Although the government has been taking various steps to encourage voluntary self-disclosure with enhanced whistleblower incentives, individual accountability remains the key element when it comes to prevention of bribery.

Improved cooperation and increasing focus on investigations around the world amp up the need for voluntary disclosure in a timely manner. As societies' tolerance for misconduct steadily decreases, countries including the U.S. Europe, Japan, China, and Australia are ramping up enforcement capabilities, strengthening anti-corruption regulations, and focusing on coordinated raids.

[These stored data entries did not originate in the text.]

(* Let $n\ge 1$ and let $V=\{(y_1,\dots,y_n)\in\overline{\mathbb{R}}_+^{\,n}\mid y_i>1\text{ for all } i=1,\dots,n\}$. Let $K\subseteq \overline{\mathbb{R}}_+^{\,n}$ be a convex subset with $K\cap V=\emptyset$. Then there are nonnegative real numbers $a_1,\dots,a_n$ with $\sum_{i=1}^n a_i=1$ such that \[\sum_{i=1}^n a_i x_i\le 1<\sum_{i=1}^n a_i y_i\quad\text{for all }(x_1,\dots,x_n)\in K\text{ and all }(y_1,\dots,y_n)\in V.\]
   Context: $\overline{\mathbb{R}}_+=[0,+\infty)\cup\{+\infty\}$ with the usual order, $+\infty$ the top element, and arithmetic extended by $r+\infty=\infty+r=+\infty$ for all $r$, $r\cdot(+\infty)=(+\infty)\cdot r=+\infty$ for $r>0$ and $0\cdot(+\infty)=(+\infty)\cdot 0=0$. $\overline{\mathbb{R}}_+^{\,n}$ carries coordinatewise addition and multiplication by scalars $r\in[0,\infty)$. A subset $K$ of $\overline{\mathbb{R}}_+^{\,n}$ is convex if $ra+(1-r)b\in K$ for all $a,b\in K$ and all real $r\in[0,1]$ (computed with the extended arithmetic). *)

From mathcomp Require Import ssreflect ssrfun ssrbool eqtype ssrnat seq fintype.
From Stdlib Require Import Reals.
Open Scope R_scope.
Set Implicit Arguments.
Unset Strict Implicit.

(* Extended reals: finite values and +infinity.  Elements of the
   extended nonnegative half-line are those satisfying [erp_valid]. *)
Inductive erp : Type := Fin (r : R) | Inf.

Definition erp_valid (x : erp) : Prop :=
  match x with Fin r => 0 <= r | Inf => True end.

Definition eadd (x y : erp) : erp :=
  match x, y with
  | Fin a, Fin b => Fin (a + b)
  | _, _ => Inf
  end.

Definition escale (r : R) (x : erp) : erp :=
  match x with
  | Fin a => Fin (r * a)
  | Inf => if Rlt_dec 0 r then Inf else Fin 0
  end.

Definition ele (x y : erp) : Prop :=
  match x, y with
  | Fin a, Fin b => a <= b
  | _, Inf => True
  | Inf, Fin _ => False
  end.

1 U.S. Securities and Exchange Commission press release, “VimpelCom to Pay $795 Million in Global Settlement for FCPA Violations” February 18, 2016.
2 United States v. Sun-Diamond Growers of California, decided April 27, 1999. 526 US 398 (1999).
3 Hobbs Act (18 USC Section 1951 – Interference with commerce by threats or violence)
4 CNN: “Supreme Court vacates former Virginia gov. Bob McDonnell’s conviction.” June 27, 2016.
5 Foreign Corrupt Practices Act Corporate Enforcement Policy 2016.
6 Reuters Business News: “Ralph Lauren to pay $1.6 million to resolve Argentine bribery case” April 22, 2013.
7 Serious Fraud Office (SFO) Guidance on Bribery Act.
8 SFO: SFO agrees to first UK DPA with Standard Bank. November 30, 2015.
9 Dan Smith and James Fagan: “The UK’s First Civil Settlement for Failing to Prevent Bribery” October 22, 2015.